They Go To The Cryptocurrency Cemetery! – Cryptokoin.com

When the decentralized marketplace Storeum launched its own new altcoin project in July 2019, the STO token soon caught the attention of traders: the STO price rose from a few cents to an all-time high of $35 in March 2020. Later, it was back under $1. Many similar cryptocurrencies have been created over the years. Now many of them are in the “crypto graveyard”. Here are the details…

Almost 1,000 cryptocurrencies disappeared

Storeum has been mostly quiet since March 2020. The website is no longer down and their social media accounts are disabled. The token technically still exists in the form of a “zombie” as a contract on the Ethereum Blockchain. This year, the STO took another step towards oblivion: It disappeared from data site CoinGecko, which lists nearly 13,000 cryptocurrencies still considered to be somehow viable.

CoinGecko officials did not confirm exactly when Storeum was disabled from its website.
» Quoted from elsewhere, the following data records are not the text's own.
(* Let $f:\mathbb{Z}^3\to\mathbb{C}$ and define $g(k_1,k_2,k_3,k_4)=\sum_{(l_1,l_2,l_3)}^{(k_1,k_2,k_3,k_4)}f(l_1,l_2,l_3)$. Then \begin{multline*} T'_{2,3}\, g(k_1,k_2,k_3,k_4) = - \frac{1}{2} \left( \sum_{l_1=k_2+1}^{k_3} \sum_{l_2=k_2+1}^{k_3} \sum_{l_3=k_2}^{k_4} T'_{1,2} f(l_1,l_2,l_3) + \sum_{l_1=k_1}^{k_2+1} \sum_{l_2=k_2}^{k_3-1} \sum_{l_3=k_2}^{k_3-1} T'_{2,3} f(l_1,l_2,l_3) \right) \\ + \frac{1}{2} \left( \sum_{l_1=k_2}^{k_3-1} \sum_{l_2=k_2}^{k_3-1} \Delta_2 (\operatorname{id} + E_1) T'_{1,2} f(l_1,l_2,k_2) - \sum_{l_2=k_2}^{k_3-1} \sum_{l_3=k_2}^{k_3-1} \Delta_2 (\operatorname{id} + E_3) T'_{2,3} f(k_2+1,l_2,l_3) \right) \\ + \frac{1}{2} \Big( T'_{1,2} f(k_2,k_2,k_2+1) - T'_{1,2} f(k_2,k_2,k_3+1) + T'_{2,3} f(k_2,k_2,k_2) - T'_{2,3} f(k_3,k_2,k_2) \Big) \\ - T'_{1,2} f(k_2,k_3,k_2+1) - T'_{2,3} f(k_2,k_2,k_3). \end{multline*} Moreover, for every function $h:\mathbb{Z}^2\to\mathbb{C}$, $$T'_{1,2}\left(\sum_{(l_1,l_2)}^{(k_1,k_2,k_3)}h(l_1,l_2)\right)(k_1,k_2,k_3)=-\frac12\sum_{l_1=k_1}^{k_2-1}\sum_{l_2=k_1}^{k_2-1}T'_{1,2}\,h(l_1,l_2).$$
   Context: Extended interval sums: $\sum_{i=a}^b F(i)=F(a)+\cdots+F(b)$ if $a\le b$, $=0$ if $b=a-1$, and $=-F(b+1)-\cdots-F(a-1)$ if $b+1\le a-1$. For functions $A$ on $\mathbb{Z}^{m-1}$ and $(k_1,\ldots,k_m)\in\mathbb{Z}^m$ define recursively $\sum_{(l_1)}^{(k_1,k_2)}A(l_1)=\sum_{l_1=k_1}^{k_2}A(l_1)$ and, for $m>2$, $$\sum_{(l_1,\ldots,l_{m-1})}^{(k_1,\ldots,k_m)}A=\sum_{(l_1,\ldots,l_{m-2})}^{(k_1,\ldots,k_{m-1})}\sum_{l_{m-1}=k_{m-1}+1}^{k_m}A(l_1,\ldots,l_{m-1})+\sum_{(l_1,\ldots,l_{m-2})}^{(k_1,\ldots,k_{m-1}-1)}A(l_1,\ldots,l_{m-2},k_{m-1}).$$ For a function of several integer variables, $E_j$ is the shift in the $j$-th variable ($E_jF(\ldots,x_j,\ldots)=F(\ldots,x_j+1,\ldots)$), $\Delta_j=E_j-\operatorname{id}$, and $S_{j,j+1}$ swaps the $j$-th and $(j+1)$-st variables; products of operators are compositions. Define $T'_{j,j+1}=(\operatorname{id}+S_{j,j+1})(\operatorname{id}+E_{j+1}\Delta_j)$. Notation such as $T'_{1,2}f(k_2,k_2,k_2+1)$ or $\Delta_2(\operatorname{id}+E_1)T'_{1,2}f(l_1,l_2,k_2)$ means: apply the operator to $f$ as a function of all its variables, then evaluate at the indicated arguments. *)

From mathcomp Require Import all_boot all_order all_algebra.
From mathcomp Require Import complex.
From mathcomp Require Import Rstruct.
Set Implicit Arguments. Unset Strict Implicit. Unset Printing Implicit Defensive.
Import Order.TTheory GRing.Theory Num.Theory.
Local Open Scope ring_scope.

Definition C : fieldType := (Rdefinitions.R)[i].

(* Extended interval sum  \sum_{i=a}^{b} F(i):
   F(a)+...+F(b) if a <= b;  0 if b = a-1;  -F(b+1)-...-F(a-1) if b+1 <= a-1. *)
Definition isum (F : int -> C) (a b : int) : C :=
  if a <= b + 1 then \sum_(j < absz (b + 1 - a)%R) F (a + j%:Z)
  else - \sum_(j < absz (a - 1 - b)%R) F (b + 1 + j%:Z).

Definition msum1 (A : int -> C) (k1 k2 : int) : C := isum A k1 k2.

Definition msum2 (A : int -> int -> C) (k1 k2 k3 : int) : C :=
  msum1 (fun l1 => isum (fun l2 => A l1 l2) (k2 + 1) k3) k1 k2
  + msum1 (fun l1 => A l1 k2) k1 (k2 - 1).

Definition msum3 (A : int -> int -> int -> C) (k1 k2 k3 k4 : int) : C :=
  msum2 (fun l1 l2 => isum (fun l3 => A l1 l2 l3) (k3 + 1) k4) k1 k2 k3
  + msum2 (fun l1 l2 => A l1 l2 k3) k1 k2 (k3 - 1).

Definition fun2 := int -> int -> C.
Definition fun3 := int -> int -> int -> C.
Definition fun4 := int -> int -> int -> int -> C.

Definition E1_2 (f : fun2) : fun2 := fun x y => f (x + 1) y.
Definition E2_2 (f : fun2) : fun2 := fun x y => f x (y + 1).
Definition D1_2 (f : fun2) : fun2 := fun x y => E1_2 f x y - f x y.
Definition S12_2 (f : fun2) : fun2 := fun x y => f y x.

Definition E1_3 (f : fun3) : fun3 := fun x y z => f (x + 1) y z.
Definition E2_3 (f : fun3) : fun3 := fun x y z => f x (y + 1) z.
Definition E3_3 (f : fun3) : fun3 := fun x y z => f x y (z + 1).
Definition D1_3 (f : fun3) : fun3 := fun x y z => E1_3 f x y z - f x y z.
Definition D2_3 (f : fun3) : fun3 := fun x y z => E2_3 f x y z - f x y z.
Definition S12_3 (f : fun3) : fun3 := fun x y z => f y x z.
Definition S23_3 (f : fun3) : fun3 := fun x y z => f x z y.

Definition E2_4 (f : fun4) : fun4 := fun x y z w => f x (y + 1) z w.
Definition E3_4 (f : fun4) : fun4 := fun x y z w => f x y (z + 1) w.
Definition D2_4 (f : fun4) : fun4 := fun x y z w => E2_4 f x y z w - f x y z w.
Definition S23_4 (f : fun4) : fun4 := fun x y z w => f x z y w.

Definition T12_2 (f : fun2) : fun2 :=
  let G : fun2 := fun x y => f x y + E2_2 (D1_2 f) x y in
  fun x y => G x y + S12_2 G x y.

Definition T12_3 (f : fun3) : fun3 :=
  let G : fun3 := fun x y z => f x y z + E2_3 (D1_3 f) x y z in
  fun x y z => G x y z + S12_3 G x y z.

Definition T23_3 (f : fun3) : fun3 :=
  let G : fun3 := fun x y z => f x y z + E3_3 (D2_3 f) x y z in
  fun x y z => G x y z + S23_3 G x y z.

Definition T23_4 (f : fun4) : fun4 :=
  let G : fun4 := fun x y z w => f x y z w + E3_4 (D2_4 f) x y z w in
  fun x y z w => G x y z w + S23_4 G x y z w.

Definition IE1_3 (f : fun3) : fun3 := fun x y z => f x y z + E1_3 f x y z.
Definition IE3_3 (f : fun3) : fun3 := fun x y z => f x y z + E3_3 f x y z.

(* Every f : Z^3 -> C is the mixed difference D1 D2 D3 P of a discrete
   antiderivative P.  The operators T', E_j, D_j commute with D1 D2 D3: they are
   combinations of shifts, which commute with differences, and of swaps, which
   commute with the symmetric mixed difference.  Extended interval sums
   telescope for arbitrary bounds, so every iterated sum of D1 D2 D3 P over a
   box, in particular the nested sums defining msum3, is the alternating sum of
   P over the corners of the box.  Both sides of each identity thereby become
   explicit linear combinations of values of P, and the identities are checked
   by normalisation in the field C. *)

From mathcomp Require Import all_boot all_order all_algebra.
From mathcomp Require Import complex.
From mathcomp Require Import Rstruct.
From mathcomp Require Import ring.
From Stdlib Require Import FunctionalExtensionality.
Set Implicit Arguments.
Unset Strict Implicit.
Unset Printing Implicit Defensive.

Import Order.TTheory GRing.Theory Num.Theory.
Local Open Scope ring_scope.

Lemma eq_isum (F G : int -> C) a b :
  (forall n, F n = G n) -> isum F a b = isum G a b.
Proof. by move=> /functional_extensionality ->. Qed.

Lemma isum_singleton (F : int -> C) a : isum F a a = F a.
Proof.
by rewrite /isum lerDl ler01 addrAC subrr add0r big_ord1 addr0.
Qed.

Lemma isum_telescope (S F : int -> C) a b :
  (forall n, F n = S (n + 1) - S n) -> isum F a b = S (b + 1) - S a.
Proof.
move=> dF; have sum_dF c (n : nat) :
    \sum_(j < n) F (c + j%:Z) = S (c + n%:Z) - S c.
  elim: n => [|n IHn]; first by rewrite big_ord0 addr0 subrr.
  have -> : c + n.+1%:Z = c + n%:Z + 1 by rewrite -addn1 PoszD addrA.
  by rewrite big_ord_recr /= IHn dF addrC addrA subrK.
rewrite /isum; case: ifP => [le_ab | /negbT].
  by rewrite sum_dF gez0_abs ?subr_ge0 // (addrC a) subrK.
rewrite -ltNge => /ltW le_ba.
rewrite sum_dF gez0_abs ?subr_ge0 ?lerBrDr //.
have -> : b + 1 + (a - 1 - b) = a by ring.
by rewrite opprB.
Qed.

Section Antidifference.
Variable V : zmodType.

Definition antidiff (F : int -> V) (n : int) : V :=
  match n with
  | Posz m => \sum_(j < m) F j%:Z
  | Negz m => - \sum_(j < m.+1) F (- (j.+1)%:Z)
  end.

Lemma antidiffS F n : antidiff F (n + 1) - antidiff F n = F n.
Proof.
case: n => [m|[|m]].
- by rewrite -PoszD addn1 /= big_ord_recr /= addrAC subrr add0r.
- by rewrite /= big_ord0 big_ord1 sub0r opprK.
- rewrite (_ : Negz m.+1 + 1 = Negz m); last first.
    by rewrite !NegzE -addn1 PoszD opprD addrK.
  by rewrite /= (big_ord_recr m.+1) /= opprK addKr NegzE.
Qed.

End Antidifference.

Definition D3_3 (f : fun3) : fun3 := fun x y z => E3_3 f x y z - f x y z.
Definition D2_2 (f : fun2) : fun2 := fun x y => E2_2 f x y - f x y.

Definition mixdiff3 (f : fun3) : fun3 := D3_3 (D2_3 (D1_3 f)).
Definition mixdiff2 (f : fun2) : fun2 := D2_2 (D1_2 f).

Definition antidiff3 (f : fun3) : fun3 := fun x y z =>
  antidiff (fun a => antidiff (fun b => antidiff (fun c => f a b c) z) y) x.
Definition antidiff2 (f : fun2) : fun2 := fun x y =>
  antidiff (fun a => antidiff (fun b => f a b) y) x.

Ltac funext3 := apply: functional_extensionality_dep => x;
  apply: functional_extensionality_dep => y;
  apply: functional_extensionality_dep => z.

Lemma antidiff3K : cancel antidiff3 mixdiff3.
Proof.
move=> f; funext3.
by rewrite /mixdiff3 /D3_3 /D2_3 /D1_3 /E3_3 /E2_3 /E1_3 /antidiff3 !antidiffS.
Qed.

Lemma antidiff2K : cancel antidiff2 mixdiff2.
Proof.
move=> f; apply: functional_extensionality_dep => x.
apply: functional_extensionality_dep => y.
by rewrite /mixdiff2 /D2_2 /D1_2 /E2_2 /E1_2 /antidiff2 !antidiffS.
Qed.

Lemma T12_3_mixdiff3 f : T12_3 (mixdiff3 f) = mixdiff3 (T12_3 f).
Proof. by funext3; rewrite /mixdiff3 /T12_3 /S12_3 /D3_3 /D2_3 /D1_3 /E3_3 /E2_3 /E1_3; ring. Qed.

Lemma T23_3_mixdiff3 f : T23_3 (mixdiff3 f) = mixdiff3 (T23_3 f).
Proof. by funext3; rewrite /mixdiff3 /T23_3 /S23_3 /D3_3 /D2_3 /D1_3 /E3_3 /E2_3 /E1_3; ring. Qed.

Lemma D2_3_mixdiff3 f : D2_3 (mixdiff3 f) = mixdiff3 (D2_3 f).
Proof. by funext3; rewrite /mixdiff3 /D3_3 /D2_3 /D1_3 /E3_3 /E2_3 /E1_3; ring. Qed.

Lemma IE1_3_mixdiff3 f : IE1_3 (mixdiff3 f) = mixdiff3 (IE1_3 f).
Proof. by funext3; rewrite /mixdiff3 /IE1_3 /D3_3 /D2_3 /D1_3 /E3_3 /E2_3 /E1_3; ring. Qed.

Lemma IE3_3_mixdiff3 f : IE3_3 (mixdiff3 f) = mixdiff3 (IE3_3 f).
Proof. by funext3; rewrite /mixdiff3 /IE3_3 /D3_3 /D2_3 /D1_3 /E3_3 /E2_3 /E1_3; ring. Qed.

Lemma T12_2_mixdiff2 f : T12_2 (mixdiff2 f) = mixdiff2 (T12_2 f).
Proof.
apply: functional_extensionality_dep => x; apply: functional_extensionality_dep => y.
by rewrite /mixdiff2 /T12_2 /S12_2 /D2_2 /D1_2 /E2_2 /E1_2; ring.
Qed.

Definition boxdiff3 (Q : fun3) x0 x1 y0 y1 z0 z1 : C :=
  Q x1 y1 z1 - Q x0 y1 z1 - Q x1 y0 z1 + Q x0 y0 z1
  - (Q x1 y1 z0 - Q x0 y1 z0 - Q x1 y0 z0 + Q x0 y0 z0).

Definition boxdiff2 (Q : fun2) x0 x1 y0 y1 : C :=
  Q x1 y1 - Q x0 y1 - Q x1 y0 + Q x0 y0.

Lemma isum123_mixdiff3 Q a1 b1 a2 b2 a3 b3 :
  isum (fun l1 => isum (fun l2 => isum (fun l3 =>
    mixdiff3 Q l1 l2 l3) a3 b3) a2 b2) a1 b1
  = boxdiff3 Q a1 (b1 + 1) a2 (b2 + 1) a3 (b3 + 1).
Proof.
have sum3 l1 l2 : isum (fun l3 => mixdiff3 Q l1 l2 l3) a3 b3
    = D2_3 (D1_3 Q) l1 l2 (b3 + 1) - D2_3 (D1_3 Q) l1 l2 a3.
  exact: isum_telescope.
have sum23 l1 : isum (fun l2 => isum (fun l3 => mixdiff3 Q l1 l2 l3) a3 b3) a2 b2
    = D1_3 Q l1 (b2 + 1) (b3 + 1) - D1_3 Q l1 a2 (b3 + 1)
      - (D1_3 Q l1 (b2 + 1) a3 - D1_3 Q l1 a2 a3).
  rewrite (isum_telescope (S := fun m => D1_3 Q l1 m (b3 + 1) - D1_3 Q l1 m a3)).
    by ring.
  by move=> m; rewrite sum3 /D2_3 /E2_3; ring.
rewrite /boxdiff3 (isum_telescope (S := fun n => Q n (b2 + 1) (b3 + 1) - Q n a2 (b3 + 1)
                                  - (Q n (b2 + 1) a3 - Q n a2 a3))).
  by ring.
by move=> n; rewrite sum23 /D1_3 /E1_3; ring.
Qed.

Lemma isum12_mixdiff3 Q a1 b1 a2 b2 k :
  isum (fun l1 => isum (fun l2 => mixdiff3 Q l1 l2 k) a2 b2) a1 b1
  = boxdiff3 Q a1 (b1 + 1) a2 (b2 + 1) k (k + 1).
Proof.
rewrite -isum123_mixdiff3; apply: eq_isum => l1; apply: eq_isum => l2.
by rewrite isum_singleton.
Qed.

Lemma isum13_mixdiff3 Q a1 b1 k a3 b3 :
  isum (fun l1 => isum (fun l3 => mixdiff3 Q l1 k l3) a3 b3) a1 b1
  = boxdiff3 Q a1 (b1 + 1) k (k + 1) a3 (b3 + 1).
Proof. by rewrite -isum123_mixdiff3; apply: eq_isum => l1; rewrite isum_singleton. Qed.

Lemma isum23_mixdiff3 Q k a2 b2 a3 b3 :
  isum (fun l2 => isum (fun l3 => mixdiff3 Q k l2 l3) a3 b3) a2 b2
  = boxdiff3 Q k (k + 1) a2 (b2 + 1) a3 (b3 + 1).
Proof. by rewrite -isum123_mixdiff3 isum_singleton. Qed.

Lemma isum1_mixdiff3 Q a1 b1 k k' :
  isum (fun l1 => mixdiff3 Q l1 k k') a1 b1
  = boxdiff3 Q a1 (b1 + 1) k (k + 1) k' (k' + 1).
Proof.
rewrite -isum123_mixdiff3; apply: eq_isum => l1.
by rewrite isum_singleton /= isum_singleton.
Qed.

Lemma isum12_mixdiff2 Q a1 b1 a2 b2 :
  isum (fun l1 => isum (fun l2 => mixdiff2 Q l1 l2) a2 b2) a1 b1
  = boxdiff2 Q a1 (b1 + 1) a2 (b2 + 1).
Proof.
have sum2 l1 : isum (fun l2 => mixdiff2 Q l1 l2) a2 b2
    = D1_2 Q l1 (b2 + 1) - D1_2 Q l1 a2.
  exact: isum_telescope.
rewrite /boxdiff2 (isum_telescope (S := fun n => Q n (b2 + 1) - Q n a2)).
  by ring.
by move=> n; rewrite sum2 /D1_2 /E1_2; ring.
Qed.

Lemma isum1_mixdiff2 Q a1 b1 k :
  isum (fun l1 => mixdiff2 Q l1 k) a1 b1 = boxdiff2 Q a1 (b1 + 1) k (k + 1).
Proof. by rewrite -isum12_mixdiff2; apply: eq_isum => l1; rewrite isum_singleton. Qed.

Lemma T12_3_msum2 (h : fun2) k1 k2 k3 :
  T12_3 (msum2 h) k1 k2 k3 =
    - (1 / 2) * isum (fun l1 => isum (fun l2 => T12_2 h l1 l2) k1 (k2 - 1)) k1 (k2 - 1).
Proof.
rewrite -[h]antidiff2K; move: (antidiff2 h) => Q.
rewrite T12_2_mixdiff2 isum12_mixdiff2.
rewrite /T12_3 /S12_3 /E2_3 /D1_3 /E1_3 /msum2 /msum1; cbv beta.
rewrite !isum12_mixdiff2 !isum1_mixdiff2.
rewrite /boxdiff2 /T12_2 /S12_2 /E2_2 /D1_2 /E1_2; cbv beta.
(* [field] sees the values of Q as atoms: their arguments, such as [k2 - 1 + 1],
   must first be made syntactically equal. *)
by rewrite ?subrK ?addrK; field.
Qed.

Lemma T23_4_msum3 (f : fun3) k1 k2 k3 k4 :
  T23_4 (msum3 f) k1 k2 k3 k4 =
    - (1 / 2) *
      ( isum (fun l1 => isum (fun l2 => isum (fun l3 =>
            T12_3 f l1 l2 l3) k2 k4) (k2 + 1) k3) (k2 + 1) k3
      + isum (fun l1 => isum (fun l2 => isum (fun l3 =>
            T23_3 f l1 l2 l3) k2 (k3 - 1)) k2 (k3 - 1)) k1 (k2 + 1) )
    + (1 / 2) *
      ( isum (fun l1 => isum (fun l2 =>
            D2_3 (IE1_3 (T12_3 f)) l1 l2 k2) k2 (k3 - 1)) k2 (k3 - 1)
      - isum (fun l2 => isum (fun l3 =>
            D2_3 (IE3_3 (T23_3 f)) (k2 + 1) l2 l3) k2 (k3 - 1)) k2 (k3 - 1) )
    + (1 / 2) *
      ( T12_3 f k2 k2 (k2 + 1) - T12_3 f k2 k2 (k3 + 1)
      + T23_3 f k2 k2 k2 - T23_3 f k3 k2 k2 )
    - T12_3 f k2 k3 (k2 + 1) - T23_3 f k2 k2 k3.
Proof.
rewrite -[f]antidiff3K; move: (antidiff3 f) => P.
rewrite !T12_3_mixdiff3 !T23_3_mixdiff3 !IE1_3_mixdiff3 !IE3_3_mixdiff3 !D2_3_mixdiff3.
rewrite !isum123_mixdiff3 isum12_mixdiff3 isum23_mixdiff3.
rewrite /T23_4 /S23_4 /E3_4 /D2_4 /E2_4 /msum3 /msum2 /msum1; cbv beta.
rewrite !isum123_mixdiff3 !isum13_mixdiff3 !isum12_mixdiff3 !isum1_mixdiff3.
rewrite /boxdiff3 /T12_3 /S12_3 /T23_3 /S23_3 /IE1_3 /IE3_3.
rewrite /mixdiff3 /D3_3 /D2_3 /D1_3 /E3_3 /E2_3 /E1_3; cbv beta.
by rewrite ?subrK ?addrK; field.
Qed.

Theorem lemma3 :
  (forall (f : fun3) (k1 k2 k3 k4 : int),
    let g : fun4 := fun a b c d => msum3 f a b c d in
    T23_4 g k1 k2 k3 k4 =
      - (1 / 2) *
        ( isum (fun l1 => isum (fun l2 => isum (fun l3 =>
              T12_3 f l1 l2 l3) k2 k4) (k2 + 1) k3) (k2 + 1) k3
        + isum (fun l1 => isum (fun l2 => isum (fun l3 =>
              T23_3 f l1 l2 l3) k2 (k3 - 1)) k2 (k3 - 1)) k1 (k2 + 1) )
      + (1 / 2) *
        ( isum (fun l1 => isum (fun l2 =>
              D2_3 (IE1_3 (T12_3 f)) l1 l2 k2) k2 (k3 - 1)) k2 (k3 - 1)
        - isum (fun l2 => isum (fun l3 =>
              D2_3 (IE3_3 (T23_3 f)) (k2 + 1) l2 l3) k2 (k3 - 1)) k2 (k3 - 1) )
      + (1 / 2) *
        ( T12_3 f k2 k2 (k2 + 1) - T12_3 f k2 k2 (k3 + 1)
        + T23_3 f k2 k2 k2 - T23_3 f k3 k2 k2 )
      - T12_3 f k2 k3 (k2 + 1) - T23_3 f k2 k2 k3)
  /\
  (forall (h : fun2) (k1 k2 k3 : int),
    T12_3 (fun a b c => msum2 h a b c) k1 k2 k3 =
      - (1 / 2) * isum (fun l1 => isum (fun l2 => T12_2 h l1 l2) k1 (k2 - 1)) k1 (k2 - 1)).
Proof. by split=> [f k1 k2 k3 k4 | h k1 k2 k3]; [exact: T23_4_msum3 | exact: T12_3_msum2]. Qed.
However, a cursory search using the Wayback Machine, which archives websites from previous dates, shows that a Storeum token page is still active as of early 2022. Now, typing Storeum in CoinGecko’s search bar yields no results.

During the crypto bull market of recent years, the number of cryptocurrencies seemed to be constantly increasing, roughly quadrupling from 2019 to early 2022, according to data from the Statista website. Since peaking at 10,397 in February 2022, the number has dropped by nearly 1,000. This is the biggest drop in the volatile history of the 13-year crypto industry.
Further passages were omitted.